## Work to complete
Go through the entries and copy every line that has the string "open" in it.

## Supplied material
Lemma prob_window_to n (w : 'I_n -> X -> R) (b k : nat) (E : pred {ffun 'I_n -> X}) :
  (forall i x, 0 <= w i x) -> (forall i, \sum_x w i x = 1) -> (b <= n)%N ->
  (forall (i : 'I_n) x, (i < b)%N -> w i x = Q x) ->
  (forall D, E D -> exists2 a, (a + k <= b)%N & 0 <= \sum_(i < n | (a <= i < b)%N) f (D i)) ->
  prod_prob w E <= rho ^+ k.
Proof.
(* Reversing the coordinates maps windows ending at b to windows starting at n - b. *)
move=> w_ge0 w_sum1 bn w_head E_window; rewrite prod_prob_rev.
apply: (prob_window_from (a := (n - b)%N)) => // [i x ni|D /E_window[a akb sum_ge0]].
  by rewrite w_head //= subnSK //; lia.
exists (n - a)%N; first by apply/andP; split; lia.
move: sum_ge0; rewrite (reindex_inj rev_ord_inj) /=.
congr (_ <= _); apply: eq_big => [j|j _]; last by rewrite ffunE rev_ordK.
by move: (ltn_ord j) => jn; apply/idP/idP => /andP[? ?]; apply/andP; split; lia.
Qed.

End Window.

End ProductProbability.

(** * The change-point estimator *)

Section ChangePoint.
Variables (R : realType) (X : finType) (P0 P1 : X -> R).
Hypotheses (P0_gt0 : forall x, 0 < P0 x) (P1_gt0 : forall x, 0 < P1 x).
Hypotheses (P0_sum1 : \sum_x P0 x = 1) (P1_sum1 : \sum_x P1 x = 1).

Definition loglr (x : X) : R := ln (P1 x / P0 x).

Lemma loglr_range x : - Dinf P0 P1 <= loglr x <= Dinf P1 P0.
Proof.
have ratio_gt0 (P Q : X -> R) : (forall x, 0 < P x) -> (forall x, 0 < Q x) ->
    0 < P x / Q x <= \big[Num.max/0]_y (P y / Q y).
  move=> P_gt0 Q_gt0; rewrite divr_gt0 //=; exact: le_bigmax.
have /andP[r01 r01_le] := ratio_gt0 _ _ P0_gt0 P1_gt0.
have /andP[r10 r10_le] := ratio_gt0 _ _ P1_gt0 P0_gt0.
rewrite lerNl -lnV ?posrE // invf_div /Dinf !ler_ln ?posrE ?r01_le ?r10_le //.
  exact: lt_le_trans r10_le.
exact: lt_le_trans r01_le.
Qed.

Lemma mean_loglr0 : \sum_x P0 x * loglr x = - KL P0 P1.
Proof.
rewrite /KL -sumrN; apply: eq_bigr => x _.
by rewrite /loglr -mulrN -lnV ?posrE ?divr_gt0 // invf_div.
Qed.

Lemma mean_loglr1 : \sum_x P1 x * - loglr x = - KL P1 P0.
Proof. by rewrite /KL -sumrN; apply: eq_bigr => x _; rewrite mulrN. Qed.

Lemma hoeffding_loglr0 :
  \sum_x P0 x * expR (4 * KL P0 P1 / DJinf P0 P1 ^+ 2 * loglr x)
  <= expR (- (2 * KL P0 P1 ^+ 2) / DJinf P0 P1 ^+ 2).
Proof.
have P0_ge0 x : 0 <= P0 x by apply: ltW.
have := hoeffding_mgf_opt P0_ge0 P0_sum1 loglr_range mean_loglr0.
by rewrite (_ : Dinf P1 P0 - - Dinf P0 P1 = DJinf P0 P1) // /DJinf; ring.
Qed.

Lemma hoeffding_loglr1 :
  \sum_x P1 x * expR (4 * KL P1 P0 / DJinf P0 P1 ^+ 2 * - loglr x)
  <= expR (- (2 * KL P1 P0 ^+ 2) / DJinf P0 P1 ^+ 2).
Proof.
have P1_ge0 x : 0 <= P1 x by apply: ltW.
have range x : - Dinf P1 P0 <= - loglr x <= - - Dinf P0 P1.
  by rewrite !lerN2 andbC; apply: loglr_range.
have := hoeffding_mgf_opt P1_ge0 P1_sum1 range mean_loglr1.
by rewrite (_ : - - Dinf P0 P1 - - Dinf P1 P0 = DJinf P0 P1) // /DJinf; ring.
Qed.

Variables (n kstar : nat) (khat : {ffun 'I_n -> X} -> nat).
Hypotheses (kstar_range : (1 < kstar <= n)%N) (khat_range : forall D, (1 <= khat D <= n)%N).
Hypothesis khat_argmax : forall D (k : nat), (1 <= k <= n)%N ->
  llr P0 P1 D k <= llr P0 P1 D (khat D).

* * *

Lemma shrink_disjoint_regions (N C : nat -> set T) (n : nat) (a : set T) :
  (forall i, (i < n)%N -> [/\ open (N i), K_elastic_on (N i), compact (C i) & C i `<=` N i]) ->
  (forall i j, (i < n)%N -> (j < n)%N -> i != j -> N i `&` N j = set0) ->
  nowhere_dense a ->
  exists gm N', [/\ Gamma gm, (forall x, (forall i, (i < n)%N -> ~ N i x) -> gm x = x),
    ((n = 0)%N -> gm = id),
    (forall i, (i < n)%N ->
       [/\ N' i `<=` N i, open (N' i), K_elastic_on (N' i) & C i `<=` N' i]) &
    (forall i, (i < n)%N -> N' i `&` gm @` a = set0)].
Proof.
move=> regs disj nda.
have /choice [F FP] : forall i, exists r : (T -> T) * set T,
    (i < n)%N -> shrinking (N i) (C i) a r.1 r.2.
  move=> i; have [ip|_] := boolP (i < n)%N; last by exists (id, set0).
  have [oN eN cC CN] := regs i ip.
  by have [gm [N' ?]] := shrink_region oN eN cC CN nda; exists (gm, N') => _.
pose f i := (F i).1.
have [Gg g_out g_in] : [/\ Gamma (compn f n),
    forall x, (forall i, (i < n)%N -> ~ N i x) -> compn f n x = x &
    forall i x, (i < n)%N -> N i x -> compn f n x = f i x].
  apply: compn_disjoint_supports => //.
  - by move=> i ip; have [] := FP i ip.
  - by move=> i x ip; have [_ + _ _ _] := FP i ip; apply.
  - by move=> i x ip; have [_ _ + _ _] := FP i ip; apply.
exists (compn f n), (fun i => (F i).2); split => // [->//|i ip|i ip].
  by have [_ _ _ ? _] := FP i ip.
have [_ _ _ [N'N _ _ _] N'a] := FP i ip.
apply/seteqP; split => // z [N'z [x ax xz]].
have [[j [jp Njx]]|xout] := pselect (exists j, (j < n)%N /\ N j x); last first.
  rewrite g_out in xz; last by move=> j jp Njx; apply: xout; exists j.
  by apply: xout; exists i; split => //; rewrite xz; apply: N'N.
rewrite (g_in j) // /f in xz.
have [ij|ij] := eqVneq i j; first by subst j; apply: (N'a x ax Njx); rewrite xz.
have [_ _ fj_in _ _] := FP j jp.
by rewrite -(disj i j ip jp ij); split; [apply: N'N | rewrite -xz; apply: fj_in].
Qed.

## Response to the exercise
  (forall i, (i < n)%N -> [/\ open (N i), K_elastic_on (N i), compact (C i) & C i `<=` N i]) ->
       [/\ N' i `<=` N i, open (N' i), K_elastic_on (N' i) & C i `<=` N' i]) &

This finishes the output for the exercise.